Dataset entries
+++
(* There exists a connected graphon $W$ with $h_W=0$. Moreover $W$ can be chosen $\{0,1\}$-valued such that $W^{-1}(1)$ contains an open subset of $(0,1)^2$ containing the diagonal $\{(x,x):0<x<1\}$.
   Context: Let $I=[0,1]$ with Lebesgue measure $\mu_L$. A graphon is a measurable function $W:I^2\to I$ with $W(x,y)=W(y,x)$. For measurable $A,B\subseteq I$ put $e_W(A,B)=\int_{A\times B}W$ and $\mathrm{vol}_W(A)=e_W(A,I)$. $W$ is connected if $e_W(A,A^c)\neq0$ for every measurable $A$ with $0<\mu_L(A)<1$. The Cheeger constant is $h_W=\inf_{A:\,0<\mu_L(A)<1}\frac{e_W(A,A^c)}{\min\{\mathrm{vol}_W(A),\mathrm{vol}_W(A^c)\}}$. *)

From HB Require Import structures.
From mathcomp Require Import all_boot all_order all_algebra.
From mathcomp Require Import all_classical all_reals all_analysis.
Set Implicit Arguments. Unset Strict Implicit. Unset Printing Implicit Defensive.
Import Order.TTheory GRing.Theory Num.Theory.
Import numFieldNormedType.Exports.
Local Open Scope classical_set_scope.
Local Open Scope ring_scope.

Section Graphon.
Variable R : realType.

Definition I01 : set R := `[0%R, 1%R].

Definition leb := (@lebesgue_measure R).
Definition leb2 := (leb \x leb)%E.

(* a graphon: measurable W : I^2 -> I, symmetric (values outside I^2 are irrelevant) *)
Definition graphon (W : R * R -> R) : Prop :=
  measurable_fun (I01 `*` I01) W /\
  (forall x y, I01 x -> I01 y -> 0 <= W (x, y) <= 1) /\
  (forall x y, I01 x -> I01 y -> W (x, y) = W (y, x)).

Definition eW (W : R * R -> R) (A B : set R) : \bar R :=
  (\int[leb2]_(z in A `*` B) (W z)%:E)%E.

Definition volW (W : R * R -> R) (A : set R) : \bar R := eW W A I01.

Definition proper_subset (A : set R) : Prop :=
  measurable A /\ A `<=` I01 /\ (0 < leb A)%E /\ (leb A < 1)%E.

Definition connected_graphon (W : R * R -> R) : Prop :=
  forall A, proper_subset A -> eW W A (I01 `\` A) != 0%E.

Definition cheeger (W : R * R -> R) : \bar R :=
  ereal_inf [set r | exists A, proper_subset A /\
     r = (eW W A (I01 `\` A) / Order.min (volW W A) (volW W (I01 `\` A)))%E].

End Graphon.

From HB Require Import structures.
From mathcomp Require Import all_boot all_order all_algebra.
From mathcomp Require Import all_classical all_reals all_analysis.
From mathcomp Require Import ring lra.
Import Order.TTheory GRing.Theory Num.Theory.
Import numFieldNormedType.Exports.
Local Open Scope classical_set_scope.
Local Open Scope ring_scope.

(* W is the indicator of a union of squares J_n x J_n, where J_n is the dyadic
   interval [2^-(n+1), 2^-n] widened on both sides by the margin (2^-n)^3/8, so
   that consecutive blocks overlap and the squares cover a neighbourhood of the
   diagonal.  If e_W(A, A^c) = 0 then on every block A or A^c is null, and the
   positive-measure overlaps forbid switching between the two alternatives, so
   A or A^c is null.  For A = [0, c] with c = 2^-(n+1), only points within one
   margin of c are joined across the cut, so e_W(A, A^c) is of order c^3 while
   both volumes are at least (c/4)^2: hence h_W <= 4c for every such c. *)

Lemma open_setX (T U : topologicalType) (A : set T) (B : set U) :
  open A -> open B -> open (A `*` B).
Proof.
move=> oA oB; have -> : A `*` B = (fst @^-1` A) `&` (snd @^-1` B) by [].
apply: openI; apply: (proj1 (continuousP _)) => // z.
- exact: cvg_fst.
- exact: cvg_snd.
Qed.

Lemma chain_dichotomy (P Q : nat -> Prop) :
  (forall n, P n \/ Q n) -> (forall n, P n -> ~ Q n.+1) ->
  (forall n, Q n -> ~ P n.+1) -> (forall n, P n) \/ (forall n, Q n).
Proof.
move=> PQ PnQ QnP; case: (PQ 0%N) => [P0|Q0]; [left|right].
- by elim=> // n Pn; case: (PQ n.+1) => // /(PnQ n Pn).
- by elim=> // n Qn; case: (PQ n.+1) => // /(QnP n Qn).
Qed.

Lemma cheeger_ge0 (R : realType) (W : R * R -> R) :
  (forall z, 0 <= W z) -> (0 <= cheeger W)%E.
Proof.
move=> W0; apply/ereal_infP => r [A [_ ->]].
have eW0 B C : (0 <= eW W B C)%E by apply: integral_ge0 => z _; rewrite lee_fin.
by apply: mule_ge0 => //; rewrite inve_ge0 le_min !eW0.
Qed.

Lemma lee_div_fin (R : realType) (x y : \bar R) (a b : R) :
  (0 <= x)%E -> (x <= a%:E)%E -> 0 < b -> (b%:E <= y)%E -> (x / y <= (a / b)%:E)%E.
Proof.
move=> x0 xa b0 by_; have y0 : (0 < y)%E by apply: lt_le_trans by_; rewrite lte_fin.
apply: (@le_trans _ _ (a%:E * b%:E^-1)%E).
  apply: lee_pmul => //; first by rewrite inve_ge0 ltW.
  rewrite lee_pV2 ?inE /= ?lee_fin ?(ltW b0) ?(ltW y0) //.
by rewrite inver gt_eqF // -EFinM.
Qed.

Section BlockGraphon.
Variable R : realType.
Local Notation lebesgue := (@lebesgue_measure R).

Definition halfpow (n : nat) : R := 2^-1 ^+ n.
Definition margin (n : nat) : R := halfpow n ^+ 3 / 8.

Lemma halfpow0 : halfpow 0 = 1. Proof. by rewrite /halfpow expr0. Qed.
Lemma halfpowS n : halfpow n.+1 = halfpow n / 2. Proof. by rewrite /halfpow exprSr. Qed.
Lemma halfpow_gt0 n : 0 < halfpow n. Proof. by rewrite exprn_gt0 // invr_gt0. Qed.

Lemma halfpow_le1 n : halfpow n <= 1.
Proof. by rewrite exprn_ile1 // ?invr_ge0 // invf_le1 // ler1n. Qed.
+++
▶ [EXERCISE DESCRIPTION] Find all lines in the records that hold the word "both". Copy them.

▶ [EXERCISE RESPONSE]
   interval [2^-(n+1), 2^-n] widened on both sides by the margin (2^-n)^3/8, so
   both volumes are at least (c/4)^2: hence h_W <= 4c for every such c. *)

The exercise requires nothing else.